Action item: Start at the line in the entries below that contains "T0 z alpha) = (m * L)%N.", stop at the line that contains "1) (T0 - L + 1).", and output exactly the lines in that span, both ends included.

Stored items from a collection:
****************

(* Let $p\ge 2$, $m,L\in\mathbb{N}$ with $L\ge 1$, and let $z_1^{[0,T_1-1]},\dots,z_p^{[0,T_p-1]}$ be finite signal sequences with $z_i(k)\in\mathbb{R}^m$ and $T_i\ge L$. Then: 1) If $\{z_i^{[0,T_i-1]}\}_{i=1}^p$ are CCPE of order $L$ (so in particular $T_1=\dots=T_p=:T_0$), then they are also MCPE of order $L$, and also HCPE of order $L$ (for a split index $\bar p$, i.e. viewing $z_1,\dots,z_{\bar p}$ as the cumulative part and $z_{\bar p+1},\dots,z_p$ as the mosaic part). 2) Suppose $\{z_i^{[0,T_i-1]}\}_{i=1}^p$ are MCPE of order $L$. i) If $T_0=T_1=\dots=T_p$ and, for every choice of nonzero weights $\alpha_1,\dots,\alpha_p$, $\operatorname{im}\big(H_L^{mos}(\{z_i^{[0,T_i-1]}\}_{i=1}^p)^\top\big)\cap\operatorname{leftker}\big(\mathbf{1}_p\otimes I_{T_0-L+1}\big)=\{0\}$, then $\{z_i^{[0,T_i-1]}\}_{i=1}^p$ are also CCPE of order $L$. ii) If $T_0=T_1=\dots=T_{\bar p}$ for some $1\le\bar p<p$ and, for every choice of nonzero weights, $\operatorname{im}\big(H_L^{mos}(\{z_i^{[0,T_i-1]}\}_{i=1}^{p})^\top\big)\cap\operatorname{leftker}\Big(\begin{bmatrix}\mathbf{1}_{\bar p}\otimes I_{T_0-L+1}&0\\0&I_{S}\end{bmatrix}\Big)=\{0\}$ with $S=\sum_{i=\bar p+1}^p(T_i-L+1)$, then $\{z_i^{[0,T_i-1]}\}_{i=1}^p$ are also HCPE of order $L$ (with cumulative part $z_1,\dots,z_{\bar p}$). 3) Suppose $\{z_i^{[0,T_i-1]}\}_{i=1}^p$ are HCPE of order $L$ with cumulative part $z_1,\dots,z_{\bar p}$ (common length $T_0$) and mosaic part $z_{\bar p+1},\dots,z_p$. Then i) $\{z_i^{[0,T_i-1]}\}_{i=1}^p$ are also MCPE of order $L$; ii) if moreover $T_0=T_{\bar p+1}=\dots=T_p$ and, for every choice of nonzero weights, $\operatorname{im}\big(H_L^{hyb}(\{z_i^{[0,T_i-1]}\}_{i=1}^p)^\top\big)\cap\operatorname{leftker}\big(\mathbf{1}_{p-\bar p+1}\otimes I_{T_0-L+1}\big)=\{0\}$, then $\{z_i^{[0,T_i-1]}\}_{i=1}^p$ are also CCPE of order $L$.
   Context: For a sequence $z^{[0,T-1]}=(z(0),\dots,z(T-1))$ with $z(k)\in\mathbb{R}^m$ and $L\le T$, the block Hankel matrix of order $L$ is $H_L(z^{[0,T-1]})\in\mathbb{R}^{mL\times(T-L+1)}$ whose $(r,c)$ block entry ($r=0,\dots,L-1$, $c=0,\dots,T-L$) is $z(r+c)$. Given nonzero real weights $\alpha_1,\dots,\alpha_p$: - $H_L^{mos}(\{z_i^{[0,T_i-1]}\}_{i=1}^p)=[\alpha_1H_L(z_1^{[0,T_1-1]})\ \cdots\ \alpha_pH_L(z_p^{[0,T_p-1]})]$; the signals are mosaic collectively persistently exciting (MCPE) of order $L$ if this matrix has full row rank $mL$ for every choice of nonzero $\alpha_i$. - If all lengths equal $T_0$: $H_L^{cum}(\{z_i^{[0,T_0-1]}\}_{i=1}^p)=\sum_{i=1}^p\alpha_iH_L(z_i^{[0,T_0-1]})$; the signals are cumulative collectively persistently exciting (CCPE) of order $L$ if this matrix has full row rank $mL$ for every choice of nonzero $\alpha_i$. - If $z_1,\dots,z_{\bar p}$ have common length $T_0$ and $z_{\bar p+1},\dots,z_p$ have lengths $T_i$: $H_L^{hyb}(\{z_i\}_{i=1}^p)=[\,H_L^{cum}(\{z_i^{[0,T_0-1]}\}_{i=1}^{\bar p})\ \ H_L^{mos}(\{z_i^{[0,T_i-1]}\}_{i=\bar p+1}^p)\,]$; the signals are hybrid collectively persistently exciting (HCPE) of order $L$ if this matrix has full row rank $mL$ for every choice of nonzero $\alpha_i$. For a matrix $M$, $\operatorname{leftker}M$ is the space of row vectors $v$ with $vM=0$; it is identified with a subspace of column vectors (by transposition) when intersected with $\operatorname{im}(H^\top)$. $\mathbf{1}_q$ is the all-ones column vector of length $q$, $\otimes$ the Kronecker product. *)

From HB Require Import structures.
From mathcomp Require Import all_boot all_order all_algebra.
From mathcomp Require Import reals.
Set Implicit Arguments. Unset Strict Implicit. Unset Printing Implicit Defensive.
Import Order.TTheory GRing.Theory Num.Theory.
Local Open Scope ring_scope.

Section Defs.
Variable R : realType.

(* Row index = r*m + a (block row r, component a), via mxvec (row-major);
   column c; entry = (z (r+c)) a. *)
Definition hankel (m L T : nat) (z : nat -> 'cV[R]_m) : 'M[R]_(L * m, T - L + 1) :=
  (\matrix_(c < T - L + 1)
      mxvec (\matrix_(r < L, a < m) z (r + c)%N a ord0))^T.

(* "I" block of size n x k with ones on the diagonal (an identity matrix when
   n = k, which is the only case where it is used). *)
Definition eyemx (n k : nat) : 'M[R]_(n, k) := \matrix_(a, b) ((a : nat) == b)%:R.

Lemma hyb_idx_subproof (pbar p : nat) (j : 'I_(p - pbar)) : (pbar + j < p)%N.
Proof. by have := ltn_ord j; rewrite ltn_subRL. Qed.
Definition hyb_idx (pbar p : nat) (j : 'I_(p - pbar)) : 'I_p :=
  Ordinal (hyb_idx_subproof j).

Variables (p m L : nat).

Definition Hmos (T : 'I_p -> nat) (z : 'I_p -> nat -> 'cV[R]_m)
    (alpha : 'I_p -> R) : 'M[R]_(L * m, \sum_(i < p) (T i - L + 1)) :=
  \mxrow_(i < p) (alpha i *: hankel L (T i) (z i)).

Definition Hcum (T0 : nat) (z : 'I_p -> nat -> 'cV[R]_m) (alpha : 'I_p -> R)
    : 'M[R]_(L * m, T0 - L + 1) :=
  \sum_(i < p) alpha i *: hankel L T0 (z i).

Definition Hhyb (pbar T0 : nat) (T : 'I_p -> nat) (z : 'I_p -> nat -> 'cV[R]_m)
    (alpha : 'I_p -> R)
    : 'M[R]_(L * m, (T0 - L + 1) + \sum_(j < p - pbar) (T (hyb_idx j) - L + 1)) :=
  row_mx (\sum_(i < p | (i < pbar)%N) alpha i *: hankel L T0 (z i))
         (\mxrow_(j < p - pbar)
            (alpha (hyb_idx j) *: hankel L (T (hyb_idx j)) (z (hyb_idx j)))).

Definition MCPE (T : 'I_p -> nat) (z : 'I_p -> nat -> 'cV[R]_m) : Prop :=
  forall alpha : 'I_p -> R, (forall i, alpha i != 0) ->
    \rank (Hmos T z alpha) = (m * L)%N.

Definition CCPE (T0 : nat) (z : 'I_p -> nat -> 'cV[R]_m) : Prop :=
  forall alpha : 'I_p -> R, (forall i, alpha i != 0) ->
    \rank (Hcum T0 z alpha) = (m * L)%N.

Definition HCPE (pbar T0 : nat) (T : 'I_p -> nat) (z : 'I_p -> nat -> 'cV[R]_m)
    : Prop :=
  forall alpha : 'I_p -> R, (forall i, alpha i != 0) ->
    \rank (Hhyb pbar T0 T z alpha) = (m * L)%N.

(* 1_p (x) I_{T0-L+1}, written as a vertical stack of p identity blocks
   (block i has T_i - L + 1 = T0 - L + 1 rows when T_i = T0). *)
Definition Kcum (T0 : nat) (T : 'I_p -> nat)
    : 'M[R]_(\sum_(i < p) (T i - L + 1), T0 - L + 1) :=
  \mxcol_(i < p) eyemx (T i - L + 1) (T0 - L + 1).

(* [ 1_pbar (x) I_{T0-L+1}   0 ;  0   I_S ],  S = sum_{i>pbar} (T_i - L + 1) *)
Definition Khyb (pbar T0 : nat) (T : 'I_p -> nat)
    : 'M[R]_(\sum_(i < p) (T i - L + 1),
             (T0 - L + 1) + \sum_(j < p - pbar) (T (hyb_idx j) - L + 1)) :=
  \mxcol_(i < p)
    row_mx (if (i < pbar)%N then eyemx (T i - L + 1) (T0 - L + 1) else 0)
           (\mxrow_(j < p - pbar)
               (if i == hyb_idx j then eyemx (T i - L + 1) (T (hyb_idx j) - L + 1)
                else 0)).

(* 1_{p - pbar + 1} (x) I_{T0-L+1}, as a stack of p - pbar + 1 identity blocks *)
Definition Khyb_cum (pbar T0 : nat) (T : 'I_p -> nat)
    : 'M[R]_((T0 - L + 1) + \sum_(j < p - pbar) (T (hyb_idx j) - L + 1),
             T0 - L + 1) :=
  col_mx (eyemx (T0 - L + 1) (T0 - L + 1))
         (\mxcol_(j < p - pbar) eyemx (T (hyb_idx j) - L + 1) (T0 - L + 1)).

End Defs.

Arguments Kcum {R p} L T0 T.
Arguments Khyb {R p} L pbar T0 T.
Arguments Khyb_cum {R p} L pbar T0 T.

From HB Require Import structures.
From mathcomp Require Import all_boot all_order all_algebra.
From mathcomp Require Import reals.
From mathcomp Require Import zify.
Import Order.TTheory GRing.Theory Num.Theory.
Local Open Scope ring_scope.

(* All three collective Hankel matrices are column recombinations of one another:
   H^cum = H^mos K_cum, H^hyb = H^mos K_hyb and H^cum = H^hyb K_hyb,cum, where
   each K stacks identity blocks.  Full row rank of a product A B forces full
   row rank of A, which gives every implication without an extra hypothesis;
   conversely a row-free A stays row-free after right multiplication by B as
   soon as no nonzero vector of the row space of A is killed by B, and that is
   exactly the trivial-intersection hypothesis of the remaining implications. *)

Section RowFree.
Variable F : fieldType.

Lemma row_free_mulmxl n k l (A : 'M[F]_(n, k)) (B : 'M[F]_(k, l)) :
  row_free (A *m B) -> row_free A.
Proof.
rewrite /row_free => /eqP rkAB; rewrite eqn_leq rank_leq_row.
by rewrite -{1}rkAB mxrankM_maxl.
Qed.

Lemma row_free_mulmx_kermx n k l (A : 'M[F]_(n, k)) (B : 'M[F]_(k, l)) :
  row_free A ->
  (forall v : 'rV_k, (v <= A)%MS -> (v <= kermx B)%MS -> v = 0) ->
  row_free (A *m B).
Proof.
move=> freeA capA_kerB; apply: inj_row_free => u uAB0.
have /eqP : u *m A = 0.
  by apply: capA_kerB; [exact: submxMl | apply/sub_kermxP; rewrite -mulmxA].
by rewrite mulmx_free_eq0 // => /eqP.
Qed.

End RowFree.

Lemma sum_row_mx (V : nmodType) (I : finType) (P : pred I) m n1 n2
    (A : I -> 'M[V]_(m, n1)) (B : I -> 'M[V]_(m, n2)) :
  \sum_(i | P i) row_mx (A i) (B i) =
  row_mx (\sum_(i | P i) A i) (\sum_(i | P i) B i).
Proof.
apply: (big_rec3 (fun x y z => x = row_mx y z)) => [|i x y w _ ->].
  by rewrite row_mx0.
by rewrite add_row_mx.
Qed.

Lemma hyb_idx_inj pbar p : injective (@hyb_idx pbar p).
Proof. by move=> j k /(congr1 val) /= /addnI /val_inj. Qed.

Lemma hyb_idxP pbar p (i : 'I_p) :
  (pbar <= i)%N -> {j : 'I_(p - pbar) | i = hyb_idx j}.
Proof.
move=> le_pbar_i; have lt_j : (i - pbar < p - pbar)%N by have := ltn_ord i; lia.
by exists (Ordinal lt_j); apply/val_inj => /=; lia.
Qed.

Lemma big_hyb_idx (V : nmodType) pbar p (f : 'I_p -> V) :
  \sum_(j < p - pbar) f (hyb_idx j) = \sum_(i < p | ~~ (i < pbar)%N) f i.
Proof.
rewrite -(big_imset _ (in2W (@hyb_idx_inj pbar p))) /=; apply: eq_bigl => i.
rewrite -leqNgt; apply/imsetP/idP => [[j _ ->]|/hyb_idxP[j ->]].
  exact: leq_addr.
by exists j.
Qed.

Section CollectiveHankel.
Variables (R : realType) (p m L : nat).
Variables (T : 'I_p -> nat) (z : 'I_p -> nat -> 'cV[R]_m).

Lemma eyemx_id n : eyemx R n n = 1%:M.
Proof. by apply/matrixP=> a b; rewrite !mxE. Qed.

Lemma mulmx_hankel_eyemx n T0 (y : nat -> 'cV[R]_m) : n = T0 ->
  hankel L n y *m eyemx R (n - L + 1) (T0 - L + 1) = hankel L T0 y.
Proof. by move=> ->; rewrite eyemx_id mulmx1. Qed.

Lemma Hcum_Hmos T0 alpha : (forall i, T i = T0) ->
  Hcum L T0 z alpha = Hmos L T z alpha *m Kcum L T0 T.
Proof.
move=> T_T0; rewrite /Hmos /Kcum mul_mxrow_mxcol /Hcum; apply: eq_bigr => i _.
by rewrite -scalemxAl mulmx_hankel_eyemx.
Qed.

Lemma Hhyb_Hmos pbar T0 alpha : (forall i : 'I_p, (i < pbar)%N -> T i = T0) ->
  Hhyb L pbar T0 T z alpha = Hmos L T z alpha *m Khyb L pbar T0 T.
Proof.
move=> T_T0; rewrite /Hmos /Khyb mul_mxrow_mxcol.
rewrite (eq_bigr (fun i => row_mx
   ((alpha i *: hankel L (T i) (z i)) *m
      (if (i < pbar)%N then eyemx R (T i - L + 1) (T0 - L + 1) else 0))
   (\mxrow_j ((alpha i *: hankel L (T i) (z i)) *m
      (if i == hyb_idx j then eyemx R (T i - L + 1) (T (hyb_idx j) - L + 1)
       else 0))))); last by move=> i _; rewrite mul_mx_row mul_mxrow.
rewrite sum_row_mx -mxrow_sum /Hhyb; congr row_mx.
  rewrite big_mkcond; apply: eq_bigr => i _; case: ifP => lt_i_pbar.
    by rewrite -scalemxAl mulmx_hankel_eyemx ?T_T0.
  by rewrite mulmx0.
apply: eq_mxrow => j; rewrite (bigD1 (hyb_idx j)) //= eqxx big1 ?addr0.
  by rewrite eyemx_id mulmx1.
by move=> i /negbTE ->; rewrite mulmx0.
Qed.

Lemma Hcum_Hhyb pbar T0 alpha : (forall i, T i = T0) ->
  Hcum L T0 z alpha = Hhyb L pbar T0 T z alpha *m Khyb_cum L pbar T0 T.
Proof.
move=> T_T0; rewrite /Hhyb /Khyb_cum mul_row_col eyemx_id mulmx1 mul_mxrow_mxcol.
under [X in _ = _ + X]eq_bigr do rewrite -scalemxAl mulmx_hankel_eyemx //.
rewrite (@big_hyb_idx _ pbar p (fun i => alpha i *: hankel L T0 (z i))).
by rewrite /Hcum (bigID (fun i : 'I_p => (i < pbar)%N)).
Qed.

Lemma full_rankE k (H : 'M[R]_(L * m, k)) : \rank H = (m * L)%N <-> row_free H.
Proof. by rewrite /row_free [(m * L)%N]mulnC; split=> [->|/eqP]. Qed.

Lemma CCPE_MCPE T0 : (forall i, T i = T0) -> CCPE L T0 z -> MCPE L T z.
Proof.
move=> T_T0 cumz alpha alpha_nz; have := cumz alpha alpha_nz.
by rewrite Hcum_Hmos // => /full_rankE/row_free_mulmxl/full_rankE.
Qed.

Lemma CCPE_HCPE pbar T0 :
  (forall i, T i = T0) -> CCPE L T0 z -> HCPE L pbar T0 T z.
Proof.
move=> T_T0 cumz alpha alpha_nz; have := cumz alpha alpha_nz.
by rewrite (Hcum_Hhyb pbar) // => /full_rankE/row_free_mulmxl/full_rankE.
Qed.

Lemma HCPE_MCPE pbar T0 : (forall i : 'I_p, (i < pbar)%N -> T i = T0) ->
  HCPE L pbar T0 T z -> MCPE L T z.
Proof.
move=> T_T0 hybz alpha alpha_nz; have := hybz alpha alpha_nz.
by rewrite Hhyb_Hmos // => /full_rankE/row_free_mulmxl/full_rankE.
Qed.

Lemma MCPE_CCPE T0 : (forall i, T i = T0) ->
  (forall alpha : 'I_p -> R, (forall i, alpha i != 0) ->
     forall v : 'rV_ _, (v <= Hmos L T z alpha)%MS -> (v <= kermx (Kcum L T0 T))%MS ->
     v = 0) ->
  MCPE L T z -> CCPE L T0 z.
Proof.
move=> T_T0 capK mosz alpha alpha_nz; apply/full_rankE; rewrite Hcum_Hmos //.
by apply: row_free_mulmx_kermx; [apply/full_rankE/mosz | exact: capK].
Qed.

Lemma MCPE_HCPE pbar T0 : (forall i : 'I_p, (i < pbar)%N -> T i = T0) ->
  (forall alpha : 'I_p -> R, (forall i, alpha i != 0) ->
     forall v : 'rV_ _, (v <= Hmos L T z alpha)%MS ->
     (v <= kermx (Khyb L pbar T0 T))%MS -> v = 0) ->
  MCPE L T z -> HCPE L pbar T0 T z.
Proof.
move=> T_T0 capK mosz alpha alpha_nz; apply/full_rankE; rewrite Hhyb_Hmos //.
by apply: row_free_mulmx_kermx; [apply/full_rankE/mosz | exact: capK].
Qed.

Lemma HCPE_CCPE pbar T0 : (forall i, T i = T0) ->
  (forall alpha : 'I_p -> R, (forall i, alpha i != 0) ->
     forall v : 'rV_ _, (v <= Hhyb L pbar T0 T z alpha)%MS ->
     (v <= kermx (Khyb_cum L pbar T0 T))%MS -> v = 0) ->
  HCPE L pbar T0 T z -> CCPE L T0 z.
Proof.
move=> T_T0 capK hybz alpha alpha_nz; apply/full_rankE; rewrite (Hcum_Hhyb pbar) //.
by apply: row_free_mulmx_kermx; [apply/full_rankE/hybz | exact: capK].
Qed.

End CollectiveHankel.

Theorem theorem1 (R : realType) (p m L : nat) (T : 'I_p -> nat)
    (z : 'I_p -> nat -> 'cV[R]_m) :
  (2 <= p)%N -> (1 <= L)%N -> (forall i, L <= T i)%N ->
  [/\
   (* 1) CCPE ==> MCPE and HCPE *)
   (forall T0 : nat, (forall i, T i = T0) -> CCPE L T0 z ->
      MCPE L T z /\
      (forall pbar : nat, (0 < pbar < p)%N -> HCPE L pbar T0 T z)),
   (* 2) MCPE ==> ... *)
   (MCPE L T z ->
      (forall T0 : nat, (forall i, T i = T0) ->
         (forall alpha : 'I_p -> R, (forall i, alpha i != 0) ->
            forall v : 'rV_ _, (v <= Hmos L T z alpha)%MS -> (v <= kermx (Kcum L T0 T))%MS -> v = 0) ->
         CCPE L T0 z)
      /\
      (forall (T0 pbar : nat), (1 <= pbar < p)%N ->
         (forall i : 'I_p, (i < pbar)%N -> T i = T0) ->
         (forall alpha : 'I_p -> R, (forall i, alpha i != 0) ->
            forall v : 'rV_ _, (v <= Hmos L T z alpha)%MS -> (v <= kermx (Khyb L pbar T0 T))%MS -> v = 0) ->
         HCPE L pbar T0 T z))
   &
   (* 3) HCPE ==> ... *)
   (forall (T0 pbar : nat), (1 <= pbar < p)%N ->
      (forall i : 'I_p, (i < pbar)%N -> T i = T0) ->
      HCPE L pbar T0 T z ->
      MCPE L T z /\
      ((forall j : 'I_(p - pbar), T (hyb_idx j) = T0) ->
       (forall alpha : 'I_p -> R, (forall i, alpha i != 0) ->
          forall v : 'rV_ _, (v <= Hhyb L pbar T0 T z alpha)%MS -> (v <= kermx (Khyb_cum L pbar T0 T))%MS -> v = 0) ->
       CCPE L T0 z))].
Proof.
move=> _ _ _; split.
- move=> T0 T_T0 cumz; split; first exact: CCPE_MCPE cumz.
  by move=> pbar _; apply: CCPE_HCPE cumz.
- move=> mosz; split=> [T0 T_T0 capK | T0 pbar _ T_T0 capK].
    exact: MCPE_CCPE mosz.
  exact: MCPE_HCPE mosz.
- move=> T0 pbar _ T_cum hybz; split; first exact: HCPE_MCPE hybz.
  move=> T_mos capK; apply: HCPE_CCPE capK hybz => i.
  by case: (ltnP i pbar) => [/T_cum | /hyb_idxP[j ->]].
Qed.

****************

Problem solution:
    \rank (Hcum T0 z alpha) = (m * L)%N.

Definition HCPE (pbar T0 : nat) (T : 'I_p -> nat) (z : 'I_p -> nat -> 'cV[R]_m)
    : Prop :=
  forall alpha : 'I_p -> R, (forall i, alpha i != 0) ->
    \rank (Hhyb pbar T0 T z alpha) = (m * L)%N.

(* 1_p (x) I_{T0-L+1}, written as a vertical stack of p identity blocks
   (block i has T_i - L + 1 = T0 - L + 1 rows when T_i = T0). *)
Definition Kcum (T0 : nat) (T : 'I_p -> nat)
    : 'M[R]_(\sum_(i < p) (T i - L + 1), T0 - L + 1) :=
  \mxcol_(i < p) eyemx (T i - L + 1) (T0 - L + 1).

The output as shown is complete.